Amazingly faster UTF-8 decoding #58943

serhiy-storchaka · 2012-05-06T18:00:54Z

BPO	14738
Nosy	@loewis, @jcea, @ronaldoussoren, @mdickinson, @pitrou, @vstinner, @ned-deily, @ezio-melotti, @serhiy-storchaka
Files	decode_utf8_4.patch decode_utf8_5.patch

^{Note: these values reflect the state of the issue at the time it was migrated and might not reflect the current state.}

Show more details

GitHub fields:

assignee = None
closed_at = <Date 2012-05-10.14:38:47.809>
created_at = <Date 2012-05-06.18:00:54.170>
labels = ['interpreter-core', 'expert-unicode', 'performance']
title = 'Amazingly faster UTF-8 decoding'
updated_at = <Date 2012-05-12.07:09:09.219>
user = 'https://github.com/serhiy-storchaka'

bugs.python.org fields:

activity = <Date 2012-05-12.07:09:09.219>
actor = 'vstinner'
assignee = 'none'
closed = True
closed_date = <Date 2012-05-10.14:38:47.809>
closer = 'pitrou'
components = ['Interpreter Core', 'Unicode']
creation = <Date 2012-05-06.18:00:54.170>
creator = 'serhiy.storchaka'
dependencies = []
files = ['25484', '25485']
hgrepos = []
issue_num = 14738
keywords = ['patch']
message_count = 15.0
messages = ['160103', '160107', '160110', '160112', '160305', '160306', '160307', '160308', '160309', '160311', '160312', '160346', '160347', '160447', '160462']
nosy_count = 12.0
nosy_names = ['loewis', 'jcea', 'ronaldoussoren', 'mark.dickinson', 'janssen', 'pitrou', 'vstinner', 'ned.deily', 'ezio.melotti', 'Arfrever', 'python-dev', 'serhiy.storchaka']
pr_nums = []
priority = 'normal'
resolution = 'fixed'
stage = 'resolved'
status = 'closed'
superseder = None
type = 'performance'
url = 'https://bugs.python.org/issue14738'
versions = ['Python 3.3']

serhiy-storchaka · 2012-05-06T18:00:51Z

I propose a complex patch, which significantly speeds up UTF-8 decoding. Now decoder faster even decoder in 3.2 (except in a few unreal patological cases).
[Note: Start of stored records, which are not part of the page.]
(* Let $\mathcal{D}$ denote either the unit circle $S^1$ or the unit interval $[0,1]$, and let $c:\mathcal{D}\to\mathbb{R}^2$ be a smooth immersed plane curve with speed $\omega=|\dot c|>0$ and signed curvature $\kappa$. Let $\tilde c:=q(c)=\dot c/\sqrt{|\dot c|}$ be its square root velocity transform, and denote the speed of $\tilde c$ by $\tilde\omega=|\dot{\tilde c}|$. Then \[ \tilde{\omega}=\sqrt{\frac{\dot{\omega}^2}{4\omega}+\omega^3\kappa^2}. \] Moreover, $\tilde c$ is an immersion if and only if $\kappa$ and $\dot\omega$ have no common zeros. In this case, \[ \tilde{\kappa}\,\tilde{\omega}=\kappa\,\omega+\dot{\varphi}, \] where $\tilde\kappa$ denotes the signed curvature of $\tilde c$ and \[ \varphi:=\arctan\!\left(\frac{2\omega^2\kappa}{\dot{\omega}}\right). \]
   Context: Dots denote derivatives with respect to the curve parameter $t\in\mathcal{D}$. For the plane curve $c$, $T=\dot c/\omega$ is the unit tangent, $N$ is the unit normal (obtained by rotating $T$ by $+\pi/2$), and the signed curvature $\kappa$ is defined by the Frenet equations $\dot T=\omega\kappa N$, $\dot N=-\omega\kappa T$; the signed curvature of $\tilde c$ is defined analogously. The square root velocity transform $\tilde c=\dot c/\sqrt{|\dot c|}$ is again a smooth curve in $\mathbb{R}^2$, but need not be an immersion. *)

From Stdlib Require Import Reals.
From Coquelicot Require Import Coquelicot.
Open Scope R_scope.

Definition cx (c : R -> R * R) (t : R) : R := fst (c t).
Definition cy (c : R -> R * R) (t : R) : R := snd (c t).

Definition smooth_fun (f : R -> R) : Prop := forall (n : nat) (x : R), ex_derive_n f n x.
Definition smooth_curve (c : R -> R * R) : Prop := smooth_fun (cx c) /\ smooth_fun (cy c).

(* The parameter domain: the unit circle S^1 (realised as 1-periodic curves on R)
   or the unit interval [0,1]. *)
Inductive param_domain := Circle | Interval.

Definition in_dom (D : param_domain) (t : R) : Prop :=
  match D with Circle => True | Interval => 0 <= t <= 1 end.

(* A smooth curve c : D -> R^2 (for the interval: a smooth curve on R, viewed on [0,1]). *)
Definition curve_on (D : param_domain) (c : R -> R * R) : Prop :=
  smooth_curve c /\ (D = Circle -> forall t, c (t + 1) = c t).

Definition speed (c : R -> R * R) (t : R) : R :=
  sqrt (Derive (cx c) t ^ 2 + Derive (cy c) t ^ 2).

Definition immersion (D : param_domain) (c : R -> R * R) : Prop :=
  forall t, in_dom D t -> 0 < speed c t.

Definition Tx (c : R -> R * R) (t : R) : R := Derive (cx c) t / speed c t.
Definition Ty (c : R -> R * R) (t : R) : R := Derive (cy c) t / speed c t.
Definition Nx (c : R -> R * R) (t : R) : R := - Ty c t.
Definition Ny (c : R -> R * R) (t : R) : R := Tx c t.

Definition signed_curvature (c : R -> R * R) (kappa : R -> R) : Prop :=
  forall t, 0 < speed c t ->
    Derive (Tx c) t = speed c t * kappa t * Nx c t /\
    Derive (Ty c) t = speed c t * kappa t * Ny c t /\
    Derive (Nx c) t = - (speed c t * kappa t * Tx c t) /\
    Derive (Ny c) t = - (speed c t * kappa t * Ty c t).

Definition srv (c : R -> R * R) (t : R) : R * R :=
  (Derive (cx c) t / sqrt (speed c t), Derive (cy c) t / sqrt (speed c t)).

(* Where omega' = 0 (so kappa <> 0 under the hypothesis) the quotient is undefined;
   there phi is understood as its continuous branch, locally
   +-pi/2 - arctan (omega' / (2 omega^2 kappa)), whose derivative is used. *)
Definition phi_num (c : R -> R * R) (kappa : R -> R) (s : R) : R :=
  2 * speed c s ^ 2 * kappa s.
Definition phi_den (c : R -> R * R) (s : R) : R := Derive (speed c) s.

Definition phi (c : R -> R * R) (kappa : R -> R) (s : R) : R :=
  atan (phi_num c kappa s / phi_den c s).

Definition phi_dot (c : R -> R * R) (kappa : R -> R) (t : R) : R :=
  match Req_EM_T (phi_den c t) 0 with
  | right _ => Derive (phi c kappa) t
  | left _ => - Derive (fun s => atan (phi_den c s / phi_num c kappa s)) t
  end.

From Stdlib Require Import Reals Lra.
From Coquelicot Require Import Coquelicot.
Open Scope R_scope.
Also the decoder code reduced and simplified (formerly decoding code was repeated in at least three places).

As a side effect ASCII decoding now faster on some platforms (bpo-14419).

Related issues:
[bpo-4868] Faster utf-8 decoding
[bpo-13417] faster utf-8 decoding
[bpo-14419] Faster ascii decoding
[bpo-14624] Faster utf-16 decoder
[bpo-14625] Faster utf-32 decoder
[bpo-14654] Faster utf-8 decoding

Here are the results of benchmarking (numbers is speed in MB/s).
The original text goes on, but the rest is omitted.